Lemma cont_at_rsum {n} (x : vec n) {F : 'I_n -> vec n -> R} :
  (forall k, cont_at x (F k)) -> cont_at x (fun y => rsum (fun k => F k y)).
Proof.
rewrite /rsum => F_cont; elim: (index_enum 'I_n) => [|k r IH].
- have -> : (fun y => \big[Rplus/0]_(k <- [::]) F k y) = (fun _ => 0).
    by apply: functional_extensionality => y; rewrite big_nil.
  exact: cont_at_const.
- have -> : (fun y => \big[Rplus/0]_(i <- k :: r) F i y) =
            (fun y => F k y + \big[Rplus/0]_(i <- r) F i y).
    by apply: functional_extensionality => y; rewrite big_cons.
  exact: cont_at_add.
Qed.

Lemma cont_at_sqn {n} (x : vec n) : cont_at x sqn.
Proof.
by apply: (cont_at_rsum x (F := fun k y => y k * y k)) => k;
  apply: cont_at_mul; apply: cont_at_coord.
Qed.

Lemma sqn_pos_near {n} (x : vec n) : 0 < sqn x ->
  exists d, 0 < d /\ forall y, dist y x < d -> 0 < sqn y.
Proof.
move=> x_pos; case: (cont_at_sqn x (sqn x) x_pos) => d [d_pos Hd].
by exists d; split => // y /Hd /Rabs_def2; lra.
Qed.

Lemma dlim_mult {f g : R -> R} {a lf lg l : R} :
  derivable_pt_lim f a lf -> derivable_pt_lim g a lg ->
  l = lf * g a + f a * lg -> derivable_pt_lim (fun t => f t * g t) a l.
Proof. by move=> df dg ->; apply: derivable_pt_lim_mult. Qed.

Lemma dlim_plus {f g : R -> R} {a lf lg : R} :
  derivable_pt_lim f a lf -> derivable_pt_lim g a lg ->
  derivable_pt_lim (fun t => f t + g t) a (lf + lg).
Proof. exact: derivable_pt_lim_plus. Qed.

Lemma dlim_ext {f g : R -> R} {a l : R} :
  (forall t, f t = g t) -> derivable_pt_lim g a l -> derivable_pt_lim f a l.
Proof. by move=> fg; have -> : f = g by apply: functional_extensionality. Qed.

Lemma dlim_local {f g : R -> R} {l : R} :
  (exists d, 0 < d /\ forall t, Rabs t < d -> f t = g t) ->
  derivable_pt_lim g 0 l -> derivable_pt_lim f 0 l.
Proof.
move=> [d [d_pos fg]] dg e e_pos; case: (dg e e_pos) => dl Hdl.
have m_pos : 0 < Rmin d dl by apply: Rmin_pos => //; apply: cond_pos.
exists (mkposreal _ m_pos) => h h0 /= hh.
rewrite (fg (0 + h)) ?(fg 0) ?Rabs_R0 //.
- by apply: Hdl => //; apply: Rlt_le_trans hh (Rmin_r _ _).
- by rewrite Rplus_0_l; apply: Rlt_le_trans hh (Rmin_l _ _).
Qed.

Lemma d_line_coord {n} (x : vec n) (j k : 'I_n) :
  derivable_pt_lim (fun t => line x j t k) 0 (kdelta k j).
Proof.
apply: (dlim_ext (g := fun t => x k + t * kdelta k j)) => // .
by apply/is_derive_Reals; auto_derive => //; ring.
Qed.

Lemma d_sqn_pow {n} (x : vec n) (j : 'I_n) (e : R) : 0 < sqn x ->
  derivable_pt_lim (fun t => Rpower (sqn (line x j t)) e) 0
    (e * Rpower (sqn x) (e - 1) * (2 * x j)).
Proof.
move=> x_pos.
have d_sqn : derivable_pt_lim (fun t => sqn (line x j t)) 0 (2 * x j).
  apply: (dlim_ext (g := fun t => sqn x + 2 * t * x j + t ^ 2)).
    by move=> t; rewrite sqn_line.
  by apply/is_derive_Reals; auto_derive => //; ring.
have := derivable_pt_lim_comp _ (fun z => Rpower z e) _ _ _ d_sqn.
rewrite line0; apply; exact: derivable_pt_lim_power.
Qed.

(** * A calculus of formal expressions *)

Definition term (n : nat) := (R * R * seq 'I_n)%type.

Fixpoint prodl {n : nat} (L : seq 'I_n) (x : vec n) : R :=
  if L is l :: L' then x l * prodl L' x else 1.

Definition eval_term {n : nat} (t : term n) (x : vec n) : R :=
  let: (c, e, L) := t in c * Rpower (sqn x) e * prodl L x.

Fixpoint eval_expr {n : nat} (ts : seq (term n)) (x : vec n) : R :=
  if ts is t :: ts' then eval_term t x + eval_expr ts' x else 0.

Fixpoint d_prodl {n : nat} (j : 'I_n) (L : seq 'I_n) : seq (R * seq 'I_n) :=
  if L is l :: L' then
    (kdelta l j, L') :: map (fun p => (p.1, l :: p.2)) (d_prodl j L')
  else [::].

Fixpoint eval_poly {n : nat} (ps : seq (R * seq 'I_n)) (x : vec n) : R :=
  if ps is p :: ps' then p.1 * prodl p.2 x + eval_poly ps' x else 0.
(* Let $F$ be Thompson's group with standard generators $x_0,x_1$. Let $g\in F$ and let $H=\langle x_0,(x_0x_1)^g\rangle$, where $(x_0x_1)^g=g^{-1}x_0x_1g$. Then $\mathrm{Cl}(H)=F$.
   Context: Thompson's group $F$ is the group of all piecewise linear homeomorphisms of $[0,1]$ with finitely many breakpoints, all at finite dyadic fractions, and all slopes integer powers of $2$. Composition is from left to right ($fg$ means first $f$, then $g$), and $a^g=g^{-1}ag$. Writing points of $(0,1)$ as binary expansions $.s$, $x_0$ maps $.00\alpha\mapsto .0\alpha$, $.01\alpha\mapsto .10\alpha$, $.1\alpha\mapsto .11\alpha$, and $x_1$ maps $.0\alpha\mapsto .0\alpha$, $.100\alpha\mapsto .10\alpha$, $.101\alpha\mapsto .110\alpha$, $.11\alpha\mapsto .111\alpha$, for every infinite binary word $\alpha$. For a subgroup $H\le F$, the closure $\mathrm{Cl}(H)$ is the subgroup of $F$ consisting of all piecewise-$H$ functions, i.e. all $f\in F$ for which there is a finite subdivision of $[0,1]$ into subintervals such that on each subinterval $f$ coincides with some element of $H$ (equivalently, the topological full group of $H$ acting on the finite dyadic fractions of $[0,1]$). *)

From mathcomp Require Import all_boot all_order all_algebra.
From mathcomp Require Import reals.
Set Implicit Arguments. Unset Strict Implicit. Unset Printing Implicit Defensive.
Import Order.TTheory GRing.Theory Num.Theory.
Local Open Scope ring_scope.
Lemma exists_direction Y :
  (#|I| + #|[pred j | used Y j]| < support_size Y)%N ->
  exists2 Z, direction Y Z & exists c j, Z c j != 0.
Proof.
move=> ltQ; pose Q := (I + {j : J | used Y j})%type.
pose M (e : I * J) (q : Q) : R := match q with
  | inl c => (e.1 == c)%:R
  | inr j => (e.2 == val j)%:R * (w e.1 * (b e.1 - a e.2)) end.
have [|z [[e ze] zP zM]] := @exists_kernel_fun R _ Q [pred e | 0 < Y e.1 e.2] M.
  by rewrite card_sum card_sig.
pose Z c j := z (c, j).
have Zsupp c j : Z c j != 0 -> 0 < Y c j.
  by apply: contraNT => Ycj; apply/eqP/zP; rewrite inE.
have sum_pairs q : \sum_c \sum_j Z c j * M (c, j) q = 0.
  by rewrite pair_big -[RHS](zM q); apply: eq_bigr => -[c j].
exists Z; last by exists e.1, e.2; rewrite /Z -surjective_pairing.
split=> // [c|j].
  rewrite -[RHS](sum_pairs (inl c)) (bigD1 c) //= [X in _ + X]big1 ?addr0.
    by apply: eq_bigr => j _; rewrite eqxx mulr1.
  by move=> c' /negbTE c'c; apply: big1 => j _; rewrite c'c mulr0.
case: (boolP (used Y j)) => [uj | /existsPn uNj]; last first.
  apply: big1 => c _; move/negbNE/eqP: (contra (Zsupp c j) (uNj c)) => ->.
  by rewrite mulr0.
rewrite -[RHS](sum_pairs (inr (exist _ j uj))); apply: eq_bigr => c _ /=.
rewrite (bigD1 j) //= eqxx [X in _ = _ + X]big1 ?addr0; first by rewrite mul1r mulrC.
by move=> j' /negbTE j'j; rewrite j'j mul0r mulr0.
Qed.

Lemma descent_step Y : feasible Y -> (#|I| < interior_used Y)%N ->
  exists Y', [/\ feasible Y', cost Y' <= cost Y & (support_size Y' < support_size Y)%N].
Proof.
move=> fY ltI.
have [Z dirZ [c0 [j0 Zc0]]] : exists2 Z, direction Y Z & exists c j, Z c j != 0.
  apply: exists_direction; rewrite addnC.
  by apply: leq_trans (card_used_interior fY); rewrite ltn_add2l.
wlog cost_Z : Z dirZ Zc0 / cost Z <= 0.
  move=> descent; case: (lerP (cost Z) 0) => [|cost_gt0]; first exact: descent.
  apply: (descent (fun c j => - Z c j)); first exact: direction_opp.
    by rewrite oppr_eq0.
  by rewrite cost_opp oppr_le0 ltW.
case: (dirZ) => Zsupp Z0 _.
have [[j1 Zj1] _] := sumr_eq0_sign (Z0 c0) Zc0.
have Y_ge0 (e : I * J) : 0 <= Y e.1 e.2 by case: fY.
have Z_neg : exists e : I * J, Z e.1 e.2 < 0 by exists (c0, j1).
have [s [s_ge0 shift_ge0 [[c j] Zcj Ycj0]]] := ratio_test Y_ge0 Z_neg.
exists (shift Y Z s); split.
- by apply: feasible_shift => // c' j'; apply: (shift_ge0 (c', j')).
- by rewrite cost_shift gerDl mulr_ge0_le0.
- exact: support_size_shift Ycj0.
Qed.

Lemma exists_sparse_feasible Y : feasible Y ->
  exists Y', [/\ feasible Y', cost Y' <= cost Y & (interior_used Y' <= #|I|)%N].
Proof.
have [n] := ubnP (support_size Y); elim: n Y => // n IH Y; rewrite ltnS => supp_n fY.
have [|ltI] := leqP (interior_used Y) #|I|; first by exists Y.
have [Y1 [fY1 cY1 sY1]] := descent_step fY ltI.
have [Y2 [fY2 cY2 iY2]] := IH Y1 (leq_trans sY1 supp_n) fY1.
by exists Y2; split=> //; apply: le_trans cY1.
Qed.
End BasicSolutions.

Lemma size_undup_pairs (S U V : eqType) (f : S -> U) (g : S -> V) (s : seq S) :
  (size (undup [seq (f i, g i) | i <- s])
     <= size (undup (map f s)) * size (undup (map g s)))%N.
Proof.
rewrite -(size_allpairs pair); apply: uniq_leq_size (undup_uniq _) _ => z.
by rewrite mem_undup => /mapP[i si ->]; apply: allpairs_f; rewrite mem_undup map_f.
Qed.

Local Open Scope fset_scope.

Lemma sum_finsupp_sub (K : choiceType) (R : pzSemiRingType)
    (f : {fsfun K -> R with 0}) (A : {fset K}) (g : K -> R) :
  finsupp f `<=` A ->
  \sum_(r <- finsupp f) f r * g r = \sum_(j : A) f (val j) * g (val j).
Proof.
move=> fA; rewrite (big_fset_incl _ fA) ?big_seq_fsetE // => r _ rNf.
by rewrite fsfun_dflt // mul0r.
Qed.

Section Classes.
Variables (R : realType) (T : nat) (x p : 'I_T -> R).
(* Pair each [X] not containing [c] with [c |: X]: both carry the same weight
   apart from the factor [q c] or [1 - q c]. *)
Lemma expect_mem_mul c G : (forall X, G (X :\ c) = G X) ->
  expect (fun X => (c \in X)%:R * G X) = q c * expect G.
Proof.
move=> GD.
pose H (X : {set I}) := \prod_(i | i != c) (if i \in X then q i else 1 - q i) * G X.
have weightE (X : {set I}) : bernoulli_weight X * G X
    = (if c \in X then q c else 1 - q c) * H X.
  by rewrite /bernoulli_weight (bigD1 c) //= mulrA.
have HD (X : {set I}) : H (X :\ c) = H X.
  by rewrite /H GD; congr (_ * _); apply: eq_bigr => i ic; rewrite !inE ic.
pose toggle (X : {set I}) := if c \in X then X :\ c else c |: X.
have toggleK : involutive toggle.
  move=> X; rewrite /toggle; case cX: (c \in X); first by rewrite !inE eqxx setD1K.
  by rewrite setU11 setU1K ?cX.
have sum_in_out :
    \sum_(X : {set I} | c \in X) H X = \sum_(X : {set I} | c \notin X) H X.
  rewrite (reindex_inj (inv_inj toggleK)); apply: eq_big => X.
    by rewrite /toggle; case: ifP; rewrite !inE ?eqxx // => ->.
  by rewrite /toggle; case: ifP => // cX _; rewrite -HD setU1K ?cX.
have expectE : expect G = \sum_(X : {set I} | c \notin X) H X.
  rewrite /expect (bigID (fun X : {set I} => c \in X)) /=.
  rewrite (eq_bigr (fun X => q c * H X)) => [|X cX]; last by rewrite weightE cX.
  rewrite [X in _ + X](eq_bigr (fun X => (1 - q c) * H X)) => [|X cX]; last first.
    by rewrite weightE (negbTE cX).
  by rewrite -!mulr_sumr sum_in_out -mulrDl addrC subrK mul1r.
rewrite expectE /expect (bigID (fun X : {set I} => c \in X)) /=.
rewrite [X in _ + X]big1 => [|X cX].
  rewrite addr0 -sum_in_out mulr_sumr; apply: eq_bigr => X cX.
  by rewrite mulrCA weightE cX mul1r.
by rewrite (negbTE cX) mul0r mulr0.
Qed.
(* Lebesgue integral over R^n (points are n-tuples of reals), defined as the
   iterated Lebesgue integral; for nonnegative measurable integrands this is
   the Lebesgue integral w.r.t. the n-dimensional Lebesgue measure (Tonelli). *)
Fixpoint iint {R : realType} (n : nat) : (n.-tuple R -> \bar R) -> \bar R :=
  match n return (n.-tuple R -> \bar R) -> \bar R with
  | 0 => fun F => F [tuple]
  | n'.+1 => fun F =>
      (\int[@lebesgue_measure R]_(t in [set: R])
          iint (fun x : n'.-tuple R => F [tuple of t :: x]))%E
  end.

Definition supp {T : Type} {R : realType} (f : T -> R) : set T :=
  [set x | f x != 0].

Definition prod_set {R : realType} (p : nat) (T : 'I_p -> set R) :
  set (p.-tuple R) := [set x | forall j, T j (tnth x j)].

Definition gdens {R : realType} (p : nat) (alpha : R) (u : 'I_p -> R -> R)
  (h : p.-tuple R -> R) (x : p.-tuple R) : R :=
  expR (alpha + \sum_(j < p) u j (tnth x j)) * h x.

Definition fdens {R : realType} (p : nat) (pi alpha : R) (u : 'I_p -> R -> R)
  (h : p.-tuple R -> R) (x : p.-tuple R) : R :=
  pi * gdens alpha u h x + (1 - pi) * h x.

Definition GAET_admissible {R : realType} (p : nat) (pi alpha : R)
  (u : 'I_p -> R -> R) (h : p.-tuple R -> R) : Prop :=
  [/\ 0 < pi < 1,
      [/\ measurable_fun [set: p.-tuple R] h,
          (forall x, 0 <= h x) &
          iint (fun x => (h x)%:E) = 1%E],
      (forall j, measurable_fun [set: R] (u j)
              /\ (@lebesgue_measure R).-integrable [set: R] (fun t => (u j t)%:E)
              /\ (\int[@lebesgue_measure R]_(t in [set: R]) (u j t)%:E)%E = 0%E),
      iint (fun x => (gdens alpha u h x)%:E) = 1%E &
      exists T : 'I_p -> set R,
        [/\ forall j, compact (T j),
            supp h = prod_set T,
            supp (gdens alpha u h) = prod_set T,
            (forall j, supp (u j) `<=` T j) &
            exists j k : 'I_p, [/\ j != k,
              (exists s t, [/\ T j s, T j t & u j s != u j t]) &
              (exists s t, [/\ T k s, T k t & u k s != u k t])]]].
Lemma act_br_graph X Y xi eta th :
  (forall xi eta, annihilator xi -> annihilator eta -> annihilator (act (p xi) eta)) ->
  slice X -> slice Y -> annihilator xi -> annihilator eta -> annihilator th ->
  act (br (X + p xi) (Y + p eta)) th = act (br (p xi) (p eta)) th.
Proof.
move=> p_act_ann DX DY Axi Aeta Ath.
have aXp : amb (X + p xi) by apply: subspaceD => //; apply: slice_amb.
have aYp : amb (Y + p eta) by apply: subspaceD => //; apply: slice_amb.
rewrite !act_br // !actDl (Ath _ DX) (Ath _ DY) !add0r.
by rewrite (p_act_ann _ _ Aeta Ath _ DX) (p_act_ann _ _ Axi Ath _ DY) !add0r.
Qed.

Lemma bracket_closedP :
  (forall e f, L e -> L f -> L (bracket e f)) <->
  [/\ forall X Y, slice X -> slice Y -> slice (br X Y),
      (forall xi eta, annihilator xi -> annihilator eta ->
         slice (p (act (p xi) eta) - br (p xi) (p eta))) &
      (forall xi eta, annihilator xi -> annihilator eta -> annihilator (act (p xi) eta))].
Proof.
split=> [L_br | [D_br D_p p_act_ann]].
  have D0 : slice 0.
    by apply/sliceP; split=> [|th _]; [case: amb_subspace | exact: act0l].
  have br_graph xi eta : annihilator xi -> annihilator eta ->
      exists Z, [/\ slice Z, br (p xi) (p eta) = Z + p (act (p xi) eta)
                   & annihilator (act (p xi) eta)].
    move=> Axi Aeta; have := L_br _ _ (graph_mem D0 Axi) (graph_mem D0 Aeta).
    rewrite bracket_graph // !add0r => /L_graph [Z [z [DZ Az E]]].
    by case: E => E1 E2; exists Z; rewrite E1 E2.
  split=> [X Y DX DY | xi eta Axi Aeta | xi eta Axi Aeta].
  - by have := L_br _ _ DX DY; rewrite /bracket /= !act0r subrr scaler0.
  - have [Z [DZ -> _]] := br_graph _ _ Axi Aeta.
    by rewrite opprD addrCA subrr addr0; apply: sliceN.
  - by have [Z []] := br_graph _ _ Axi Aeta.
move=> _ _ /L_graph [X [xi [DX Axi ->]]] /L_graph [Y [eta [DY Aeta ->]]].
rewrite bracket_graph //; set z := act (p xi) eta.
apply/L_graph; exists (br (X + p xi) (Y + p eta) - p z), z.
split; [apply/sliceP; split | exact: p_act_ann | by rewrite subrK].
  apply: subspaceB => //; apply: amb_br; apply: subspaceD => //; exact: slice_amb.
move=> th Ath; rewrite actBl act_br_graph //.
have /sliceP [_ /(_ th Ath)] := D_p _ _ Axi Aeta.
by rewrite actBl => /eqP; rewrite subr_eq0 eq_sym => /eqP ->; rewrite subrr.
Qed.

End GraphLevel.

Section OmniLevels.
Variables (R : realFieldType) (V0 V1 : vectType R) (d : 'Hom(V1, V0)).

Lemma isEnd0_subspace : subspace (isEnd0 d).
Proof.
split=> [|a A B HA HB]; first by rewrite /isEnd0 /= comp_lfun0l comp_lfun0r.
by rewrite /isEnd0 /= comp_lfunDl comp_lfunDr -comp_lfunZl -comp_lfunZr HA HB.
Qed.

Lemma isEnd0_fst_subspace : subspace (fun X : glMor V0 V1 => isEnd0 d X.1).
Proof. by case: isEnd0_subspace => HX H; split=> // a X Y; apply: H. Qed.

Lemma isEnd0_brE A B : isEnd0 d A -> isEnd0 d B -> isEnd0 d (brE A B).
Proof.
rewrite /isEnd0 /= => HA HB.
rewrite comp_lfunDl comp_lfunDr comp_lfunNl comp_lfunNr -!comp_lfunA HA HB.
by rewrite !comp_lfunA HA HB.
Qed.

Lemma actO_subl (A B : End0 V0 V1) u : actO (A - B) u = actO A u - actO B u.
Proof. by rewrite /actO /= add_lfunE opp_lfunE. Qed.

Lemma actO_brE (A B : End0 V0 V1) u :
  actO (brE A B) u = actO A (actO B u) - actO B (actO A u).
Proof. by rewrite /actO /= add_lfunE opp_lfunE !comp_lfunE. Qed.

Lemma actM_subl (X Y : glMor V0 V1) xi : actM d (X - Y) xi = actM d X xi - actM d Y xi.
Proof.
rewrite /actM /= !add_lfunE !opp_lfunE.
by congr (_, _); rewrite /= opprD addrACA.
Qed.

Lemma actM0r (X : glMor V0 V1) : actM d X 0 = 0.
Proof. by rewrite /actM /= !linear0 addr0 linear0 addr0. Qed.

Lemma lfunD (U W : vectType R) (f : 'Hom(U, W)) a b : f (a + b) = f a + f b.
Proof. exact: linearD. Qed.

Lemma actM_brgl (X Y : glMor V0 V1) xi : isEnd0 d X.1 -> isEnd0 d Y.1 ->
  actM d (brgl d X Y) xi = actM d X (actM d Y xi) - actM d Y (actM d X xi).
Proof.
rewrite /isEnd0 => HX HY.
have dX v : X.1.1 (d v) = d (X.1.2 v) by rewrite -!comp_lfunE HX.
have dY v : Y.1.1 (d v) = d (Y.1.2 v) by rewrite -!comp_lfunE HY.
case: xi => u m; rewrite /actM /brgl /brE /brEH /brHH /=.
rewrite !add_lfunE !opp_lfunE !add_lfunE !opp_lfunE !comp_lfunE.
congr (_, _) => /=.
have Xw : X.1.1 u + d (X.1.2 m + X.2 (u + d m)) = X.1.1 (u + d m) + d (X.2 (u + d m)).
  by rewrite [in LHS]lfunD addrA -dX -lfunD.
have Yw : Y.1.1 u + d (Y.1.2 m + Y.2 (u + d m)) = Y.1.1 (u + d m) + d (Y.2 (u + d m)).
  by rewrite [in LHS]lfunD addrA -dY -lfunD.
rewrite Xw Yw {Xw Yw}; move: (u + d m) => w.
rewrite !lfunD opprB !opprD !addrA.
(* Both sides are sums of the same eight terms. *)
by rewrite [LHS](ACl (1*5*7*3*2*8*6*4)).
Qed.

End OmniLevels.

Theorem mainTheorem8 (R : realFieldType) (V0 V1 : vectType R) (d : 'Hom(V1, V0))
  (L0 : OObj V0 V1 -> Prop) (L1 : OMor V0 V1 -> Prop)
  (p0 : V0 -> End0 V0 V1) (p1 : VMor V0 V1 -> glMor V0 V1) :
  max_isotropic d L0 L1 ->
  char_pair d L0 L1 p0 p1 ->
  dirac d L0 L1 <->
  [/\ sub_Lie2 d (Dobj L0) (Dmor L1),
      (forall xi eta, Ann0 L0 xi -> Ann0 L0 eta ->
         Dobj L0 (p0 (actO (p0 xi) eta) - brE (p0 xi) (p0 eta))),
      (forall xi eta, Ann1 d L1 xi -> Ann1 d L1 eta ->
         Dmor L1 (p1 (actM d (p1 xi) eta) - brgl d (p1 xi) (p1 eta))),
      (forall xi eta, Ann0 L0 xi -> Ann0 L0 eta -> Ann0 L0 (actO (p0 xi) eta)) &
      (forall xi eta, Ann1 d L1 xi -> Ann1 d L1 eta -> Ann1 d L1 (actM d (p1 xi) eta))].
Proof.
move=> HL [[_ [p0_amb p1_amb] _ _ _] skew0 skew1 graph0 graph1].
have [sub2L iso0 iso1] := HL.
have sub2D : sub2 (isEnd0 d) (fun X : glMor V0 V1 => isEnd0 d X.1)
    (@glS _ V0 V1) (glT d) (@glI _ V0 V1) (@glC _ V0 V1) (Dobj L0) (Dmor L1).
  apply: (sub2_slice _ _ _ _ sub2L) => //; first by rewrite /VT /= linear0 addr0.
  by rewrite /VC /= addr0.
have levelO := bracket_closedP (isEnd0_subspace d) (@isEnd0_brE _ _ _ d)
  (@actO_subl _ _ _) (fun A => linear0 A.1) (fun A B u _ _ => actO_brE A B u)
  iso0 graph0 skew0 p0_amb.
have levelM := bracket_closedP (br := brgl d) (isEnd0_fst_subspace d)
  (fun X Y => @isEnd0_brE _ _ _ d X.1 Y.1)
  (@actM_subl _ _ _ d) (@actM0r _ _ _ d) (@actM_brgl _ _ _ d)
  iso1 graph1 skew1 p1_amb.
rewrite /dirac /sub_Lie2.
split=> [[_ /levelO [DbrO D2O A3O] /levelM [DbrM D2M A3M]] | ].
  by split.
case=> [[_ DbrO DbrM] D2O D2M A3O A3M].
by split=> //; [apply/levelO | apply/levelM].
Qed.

-----

(Aim of the exercise):
Starting with the line that holds "let: (c, e, L)" and ending with the line that holds "(* Let $F$ be", retype every line in the data above exactly, and nothing else.

(Answer space):
  let: (c, e, L) := t in c * Rpower (sqn x) e * prodl L x.

Fixpoint eval_expr {n : nat} (ts : seq (term n)) (x : vec n) : R :=
  if ts is t :: ts' then eval_term t x + eval_expr ts' x else 0.

Fixpoint d_prodl {n : nat} (j : 'I_n) (L : seq 'I_n) : seq (R * seq 'I_n) :=
  if L is l :: L' then
    (kdelta l j, L') :: map (fun p => (p.1, l :: p.2)) (d_prodl j L')
  else [::].

Fixpoint eval_poly {n : nat} (ps : seq (R * seq 'I_n)) (x : vec n) : R :=
  if ps is p :: ps' then p.1 * prodl p.2 x + eval_poly ps' x else 0.
(* Let $F$ be Thompson's group with standard generators $x_0,x_1$. Let $g\in F$ and let $H=\langle x_0,(x_0x_1)^g\rangle$, where $(x_0x_1)^g=g^{-1}x_0x_1g$. Then $\mathrm{Cl}(H)=F$.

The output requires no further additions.